YOUR GOAL -
Your job with the data below is to output exactly the lines from the one holding "split=> [fl|/cvgrPdist_lt fl e e0]." down to the one holding "Implicit Types (F u : R -> R) (c t z : R).", both included, and no others.

DATA FOR ANALYSIS -
--------------------

(* Let $\mathcal{M}$ be the set of compactly supported probability distributions on $\mathbb{R}$ (identified with their cdfs). A mapping $T:\mathcal{M}\to\mathcal{M}$ satisfies $T\circ T^u=T^u\circ T$ for every utility function $u$ if and only if $T=T_d$ for some distortion function $d$.
   Context: Increasing means non-decreasing. A distortion function is an increasing function $d:[0,1]\to[0,1]$ with $d(0)=0$ and $d(1)=1$ (not necessarily continuous). A utility function is an increasing continuous function $u:\mathbb{R}\to\mathbb{R}$. For a distortion function $d$, the probability distortion $T_d:\mathcal{M}\to\mathcal{M}$ is defined by $T_d(F)(x)=\lim_{y\downarrow x} d(F(y))$ for $x\in\mathbb{R}$. For a utility function $u$, the utility transform $T^u:\mathcal{M}\to\mathcal{M}$ maps the distribution of a random variable $X$ to the distribution of $u(X)$, i.e. $T^u(F)=F\circ u^{-1}$ with $F$ viewed as a measure. *)

From HB Require Import structures.
From mathcomp Require Import all_boot all_order all_algebra.
From mathcomp Require Import all_classical all_reals all_analysis.
Set Implicit Arguments. Unset Strict Implicit. Unset Printing Implicit Defensive.
Import Order.TTheory GRing.Theory Num.Theory.
Import numFieldNormedType.Exports.
Local Open Scope classical_set_scope.
Local Open Scope ring_scope.

Section Defs.
Variable R : realType.

Definition in_M (F : R -> R) : Prop :=
  {homo F : x y / x <= y} /\
  (forall x, F @ x^'+ --> F x) /\
  exists a b : R, (forall x, x < a -> F x = 0) /\ (forall x, b <= x -> F x = 1).

Definition utility (u : R -> R) : Prop :=
  {homo u : x y / x <= y} /\ continuous u.

(* distortion function d : [0,1] -> [0,1], increasing, d 0 = 0, d 1 = 1
   (values outside [0,1] are irrelevant) *)
Definition distortion (d : R -> R) : Prop :=
  {in `[0, 1] &, {homo d : x y / x <= y}} /\
  (forall p, p \in `[0, 1] -> d p \in `[0, 1]) /\
  d 0 = 0 /\ d 1 = 1.

Definition Td (d : R -> R) (F : R -> R) : R -> R :=
  fun x => lim ((d \o F) @ x^'+).

(* utility transform: cdf of u(X) when X has cdf F, i.e.
   x |-> P(u(X) <= x) = P(X \in u^{-1}(-oo, x]).  Since u is increasing and
   continuous, u^{-1}(-oo,x] is a closed down-set of R, whose F-probability is
   the supremum of F over it (0 if it is empty). *)
Definition Tu (u : R -> R) (F : R -> R) : R -> R :=
  fun x => sup ([set 0] `|` (F @` [set t | u t <= x])).

End Defs.

From HB Require Import structures.
From mathcomp Require Import all_boot all_order all_algebra.
From mathcomp Require Import all_classical all_reals all_analysis.
From mathcomp Require Import lra.
Set Implicit Arguments. Unset Strict Implicit. Unset Printing Implicit Defensive.
Import Order.TTheory GRing.Theory Num.Theory.
Import numFieldNormedType.Exports.
Local Open Scope classical_set_scope.
Local Open Scope ring_scope.

(* If T commutes with every utility transform, put d(q) := T(G_q)(0), where G_q is the
   cdf with mass q at 0 and 1 - q at 1.  Given F and y, let F' be F with a flat unit gap
   inserted right of y.  A utility collapsing the gap maps F' back to F, while the ramp
   sending (-oo, y] to 0 and [y + 1, +oo) to 1 maps F' to G_(F y); commuting T with both
   gives T F z <= d (F y) <= T F y for z < y, hence T F x = lim_(y -> x+) d (F y) by right
   continuity of T F.  Conversely, a sublevel set of a utility u is empty, all of R, or a
   half-line (-oo, c]; accordingly, just right of each point, T^u F is 0, 1, or squeezed
   between values of F just right of c, and this is preserved by composing with d and
   taking right limits. *)

Ltac case_ifs := repeat match goal with
  | |- context [if ?b then _ else _] => case: ifPn; rewrite -?leNgt -?ltNge => ?
  end.

Section RightLimits.
Variable R : realType.
Implicit Types (f u : R -> R) (t l : R).

Definition right_lim f t l := forall e : R, 0 < e ->
  exists2 d : R, 0 < d & forall y, t < y -> y < t + d -> `|f y - l| < e.

Lemma right_limP f t l : right_lim f t l <-> f @ t^'+ --> l.
Proof.
split=> [fl|/cvgrPdist_lt fl e e0].
- apply/cvgrPdist_lt => e /fl[d d0 fd].
  near=> y; rewrite distrC; apply: fd.
  + by near: y; exact: nbhs_right_gt.
  + by near: y; apply: nbhs_right_lt; rewrite ltrDl.
- have := fl e e0; rewrite near_withinE => /nbhs_ballP[d /= d0 fd].
  exists d => // y ty yd; rewrite distrC; apply: fd => //.
  by rewrite /ball /= distrC ger0_norm ?subr_ge0 ?ltW //; lra.
Unshelve. all: by end_near. Qed.

Lemma right_lim_eventually_const f t l :
  (exists2 d : R, 0 < d & forall y, t < y -> y < t + d -> f y = l) ->
  right_lim f t l.
Proof. by move=> [d d0 fd] e e0; exists d => // y ty yd; rewrite fd // subrr normr0. Qed.

Lemma continuous_eps_delta u c : continuous u -> forall e : R, 0 < e ->
  exists2 d : R, 0 < d & forall s, `|c - s| < d -> `|u c - u s| < e.
Proof.
move=> uc e e0.
have /nbhs_ballP[d /= d0 ud] : \forall s \near c, `|u c - u s| < e.
  exact: (cvgrPdist_lt _ _).1 (uc c) e e0.
by exists d.
Qed.

End RightLimits.

Section Transforms.
Variable R : realType.
Implicit Types (F u : R -> R) (c t z : R).

Lemma in_M_homo F : in_M F -> {homo F : x y / x <= y}.
Proof. by case. Qed.

Lemma in_M_right_lim F t : in_M F -> right_lim F t (F t).
Proof. by move=> [_ [Frc _]]; apply/right_limP. Qed.

Lemma in_M_bounds F t : in_M F -> 0 <= F t <= 1.
Proof.
move=> [Fhomo [_ [a [b [Fa Fb]]]]]; apply/andP; split.
- rewrite -(Fa (Num.min t (a - 1))); last by rewrite gt_min ltrBlDr ltrDl ltr01 orbT.
  by apply: Fhomo; rewrite ge_min lexx.
- rewrite -(Fb (Num.max t b)); last by rewrite le_max lexx orbT.
  by apply: Fhomo; rewrite le_max lexx.
Qed.

Lemma utility_sublevel u z : utility u ->
  [\/ forall t, z < u t, forall t, u t <= z | exists c, forall t, u t <= z <-> t <= c].
Proof.
move=> [uhomo ucont].
have [[t0 ut0]|above] := pselect (exists t, u t <= z); last first.
  by apply: Or31 => t; rewrite ltNge; apply/negP => utz; apply: above; exists t.
have [[s0 us0]|below] := pselect (exists s, z < u s); last first.
  by apply: Or32 => t; rewrite leNgt; apply/negP => zut; apply: below; exists t.
apply: Or33; pose A := [set t | u t <= z].
have A_ub : ubound A s0.
  by move=> t; rewrite /A /= => utz; rewrite leNgt; apply/negP => /ltW/uhomo ?; lra.
have A_sup : has_sup A by split; [exists t0 | exists s0].
exists (sup A) => t; split=> [utz|tA]; first exact: sup_upper_bound.
apply: le_trans (uhomo _ _ tA) _; rewrite leNgt -subr_gt0; apply/negP => zuA.
have [d d0 ud] := continuous_eps_delta (sup A) ucont zuA.
have [s As sA] := sup_adherent d0 A_sup.
have sAle : s <= sup A by exact: sup_upper_bound.
have := ud s; rewrite ger0_norm ?subr_ge0 // => /(_ ltac:(lra)).
by rewrite /A /= in As; rewrite ltr_distl; lra.
Qed.

Section Bounds.
Variables (F u : R -> R).
Hypothesis FM : in_M F.

Let Tu_set_ub z : ubound ([set 0] `|` (F @` [set t | u t <= z])) 1.
Proof. by move=> _ [->|[t _ <-]]; [exact: ler01 | case/andP: (in_M_bounds t FM)]. Qed.

Let Tu_set_has_ub z : has_ubound ([set 0] `|` (F @` [set t | u t <= z])).
Proof. by exists 1; apply: Tu_set_ub. Qed.

Lemma Tu_ge0 z : 0 <= Tu u F z.
Proof. by apply: (ub_le_sup (Tu_set_has_ub z)); left. Qed.

Lemma Tu_le1 z : Tu u F z <= 1.
Proof. apply: ge_sup; [by exists 0; left | exact: Tu_set_ub]. Qed.

Lemma Tu_ge c z : u c <= z -> F c <= Tu u F z.
Proof. by move=> ucz; apply: (ub_le_sup (Tu_set_has_ub z)); right; exists c. Qed.

Lemma Tu_le c z : (forall t, u t <= z -> t <= c) -> Tu u F z <= F c.
Proof.
move=> utc; apply: ge_sup; first by exists 0; left.
move=> _ [->|[t /utc tc <-]]; last exact: in_M_homo.
by case/andP: (in_M_bounds c FM).
Qed.

Lemma Tu_eq0 z : (forall t, u t <= z -> F t = 0) -> Tu u F z = 0.
Proof.
move=> F0; apply/le_anti; rewrite Tu_ge0 andbT; apply: ge_sup; first by exists 0; left.
by move=> _ [->|[t /F0 -> <-]].
Qed.

Lemma Tu_eq c z : (forall t, u t <= z <-> t <= c) -> Tu u F z = F c.
Proof.
move=> utc; apply/le_anti/andP; split.
- by apply: Tu_le => t /utc.
- by apply: Tu_ge; apply/utc.
Qed.

Lemma Tu_eq1 z : (forall t, u t <= z) -> Tu u F z = 1.
Proof.
move=> utz; apply/le_anti; rewrite Tu_le1 /=.
have [_ [_ [a [b [_ Fb]]]]] := FM.
by rewrite -(Fb b) // Tu_ge.
Qed.

End Bounds.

--------------------

FINISHED TASK -
split=> [fl|/cvgrPdist_lt fl e e0].
- apply/cvgrPdist_lt => e /fl[d d0 fd].
  near=> y; rewrite distrC; apply: fd.
  + by near: y; exact: nbhs_right_gt.
  + by near: y; apply: nbhs_right_lt; rewrite ltrDl.
- have := fl e e0; rewrite near_withinE => /nbhs_ballP[d /= d0 fd].
  exists d => // y ty yd; rewrite distrC; apply: fd => //.
  by rewrite /ball /= distrC ger0_norm ?subr_ge0 ?ltW //; lra.
Unshelve. all: by end_near. Qed.

Lemma right_lim_eventually_const f t l :
  (exists2 d : R, 0 < d & forall y, t < y -> y < t + d -> f y = l) ->
  right_lim f t l.
Proof. by move=> [d d0 fd] e e0; exists d => // y ty yd; rewrite fd // subrr normr0. Qed.

Lemma continuous_eps_delta u c : continuous u -> forall e : R, 0 < e ->
  exists2 d : R, 0 < d & forall s, `|c - s| < d -> `|u c - u s| < e.
Proof.
move=> uc e e0.
have /nbhs_ballP[d /= d0 ud] : \forall s \near c, `|u c - u s| < e.
  exact: (cvgrPdist_lt _ _).1 (uc c) e e0.
by exists d.
Qed.

End RightLimits.

Section Transforms.
Variable R : realType.
Implicit Types (F u : R -> R) (c t z : R).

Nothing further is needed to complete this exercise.